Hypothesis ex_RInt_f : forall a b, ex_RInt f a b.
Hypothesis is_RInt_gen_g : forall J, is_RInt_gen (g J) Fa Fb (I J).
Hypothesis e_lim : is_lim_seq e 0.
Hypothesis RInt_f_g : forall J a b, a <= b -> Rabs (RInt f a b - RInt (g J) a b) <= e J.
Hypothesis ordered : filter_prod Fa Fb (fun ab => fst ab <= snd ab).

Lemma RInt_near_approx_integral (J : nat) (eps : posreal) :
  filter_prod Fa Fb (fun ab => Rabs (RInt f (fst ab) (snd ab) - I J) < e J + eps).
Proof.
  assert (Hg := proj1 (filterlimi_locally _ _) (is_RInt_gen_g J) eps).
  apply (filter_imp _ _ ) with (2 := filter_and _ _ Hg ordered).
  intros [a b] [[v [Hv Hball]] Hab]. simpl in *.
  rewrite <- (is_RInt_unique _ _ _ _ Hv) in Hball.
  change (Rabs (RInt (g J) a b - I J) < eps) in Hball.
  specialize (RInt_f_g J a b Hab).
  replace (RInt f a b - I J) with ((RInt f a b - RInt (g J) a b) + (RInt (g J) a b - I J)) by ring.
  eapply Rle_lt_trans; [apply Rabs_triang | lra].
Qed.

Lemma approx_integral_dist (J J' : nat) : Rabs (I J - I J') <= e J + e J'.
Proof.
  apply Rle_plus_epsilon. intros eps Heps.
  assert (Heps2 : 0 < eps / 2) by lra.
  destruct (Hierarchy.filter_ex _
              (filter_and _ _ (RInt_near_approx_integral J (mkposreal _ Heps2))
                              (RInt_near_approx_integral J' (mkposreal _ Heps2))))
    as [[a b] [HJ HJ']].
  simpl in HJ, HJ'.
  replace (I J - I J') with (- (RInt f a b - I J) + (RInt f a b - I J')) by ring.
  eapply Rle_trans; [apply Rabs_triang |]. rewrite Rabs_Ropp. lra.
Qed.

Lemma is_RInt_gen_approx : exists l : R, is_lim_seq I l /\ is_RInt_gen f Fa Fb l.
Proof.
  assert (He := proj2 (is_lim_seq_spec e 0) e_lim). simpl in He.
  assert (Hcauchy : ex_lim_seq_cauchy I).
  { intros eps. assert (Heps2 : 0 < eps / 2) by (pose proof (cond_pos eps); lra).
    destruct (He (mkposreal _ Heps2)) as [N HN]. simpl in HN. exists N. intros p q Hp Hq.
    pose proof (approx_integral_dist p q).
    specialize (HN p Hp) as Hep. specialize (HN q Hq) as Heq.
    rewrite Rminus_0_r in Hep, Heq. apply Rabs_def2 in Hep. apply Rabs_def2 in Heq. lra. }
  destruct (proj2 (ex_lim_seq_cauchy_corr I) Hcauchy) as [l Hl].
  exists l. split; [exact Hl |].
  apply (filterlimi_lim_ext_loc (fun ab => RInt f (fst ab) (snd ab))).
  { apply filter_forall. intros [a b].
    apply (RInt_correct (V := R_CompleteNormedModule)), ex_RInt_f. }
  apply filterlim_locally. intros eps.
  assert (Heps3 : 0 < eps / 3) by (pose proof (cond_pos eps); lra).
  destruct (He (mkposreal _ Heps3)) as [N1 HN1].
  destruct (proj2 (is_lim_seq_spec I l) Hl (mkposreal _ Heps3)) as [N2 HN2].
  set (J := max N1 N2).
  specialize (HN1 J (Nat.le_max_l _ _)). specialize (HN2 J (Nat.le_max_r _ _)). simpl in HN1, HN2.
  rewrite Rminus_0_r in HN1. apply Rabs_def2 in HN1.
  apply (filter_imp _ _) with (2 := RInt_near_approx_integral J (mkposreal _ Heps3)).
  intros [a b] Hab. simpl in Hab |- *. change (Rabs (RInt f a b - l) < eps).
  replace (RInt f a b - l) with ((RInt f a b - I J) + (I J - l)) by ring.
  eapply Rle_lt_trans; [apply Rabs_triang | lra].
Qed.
==============================
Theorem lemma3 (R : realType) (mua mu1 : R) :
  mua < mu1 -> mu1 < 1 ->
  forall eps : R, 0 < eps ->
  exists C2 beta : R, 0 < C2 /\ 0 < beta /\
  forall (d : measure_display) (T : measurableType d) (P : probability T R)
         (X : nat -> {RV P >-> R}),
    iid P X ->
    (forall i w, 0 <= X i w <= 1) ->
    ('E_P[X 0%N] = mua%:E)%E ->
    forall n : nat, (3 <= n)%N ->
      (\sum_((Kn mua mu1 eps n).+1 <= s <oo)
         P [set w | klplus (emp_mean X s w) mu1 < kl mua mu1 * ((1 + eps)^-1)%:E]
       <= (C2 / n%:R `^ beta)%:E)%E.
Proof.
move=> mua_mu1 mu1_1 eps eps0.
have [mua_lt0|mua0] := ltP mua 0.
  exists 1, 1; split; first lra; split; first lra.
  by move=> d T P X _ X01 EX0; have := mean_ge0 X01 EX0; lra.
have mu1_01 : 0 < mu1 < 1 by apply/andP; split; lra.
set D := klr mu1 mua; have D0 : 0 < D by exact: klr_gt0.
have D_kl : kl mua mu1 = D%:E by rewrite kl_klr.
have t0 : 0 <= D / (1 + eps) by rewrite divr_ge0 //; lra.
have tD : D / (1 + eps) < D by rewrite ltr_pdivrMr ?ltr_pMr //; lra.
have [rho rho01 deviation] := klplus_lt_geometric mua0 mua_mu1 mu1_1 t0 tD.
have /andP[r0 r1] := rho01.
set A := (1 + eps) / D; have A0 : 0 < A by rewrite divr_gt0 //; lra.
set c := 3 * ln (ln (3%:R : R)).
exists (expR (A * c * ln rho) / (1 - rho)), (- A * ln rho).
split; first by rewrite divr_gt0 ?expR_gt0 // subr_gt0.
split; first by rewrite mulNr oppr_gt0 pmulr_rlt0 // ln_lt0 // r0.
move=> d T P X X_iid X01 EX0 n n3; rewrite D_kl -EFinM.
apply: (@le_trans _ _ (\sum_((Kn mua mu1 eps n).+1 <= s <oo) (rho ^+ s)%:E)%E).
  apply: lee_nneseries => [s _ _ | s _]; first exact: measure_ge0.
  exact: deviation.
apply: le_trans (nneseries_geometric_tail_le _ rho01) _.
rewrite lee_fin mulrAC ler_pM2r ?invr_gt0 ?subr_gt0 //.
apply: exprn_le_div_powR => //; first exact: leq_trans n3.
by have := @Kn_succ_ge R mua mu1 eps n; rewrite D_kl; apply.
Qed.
==============================
Task to complete →
Among the records above, how many lines carry the string "intros"? Reply with the number alone.

Your solution →
7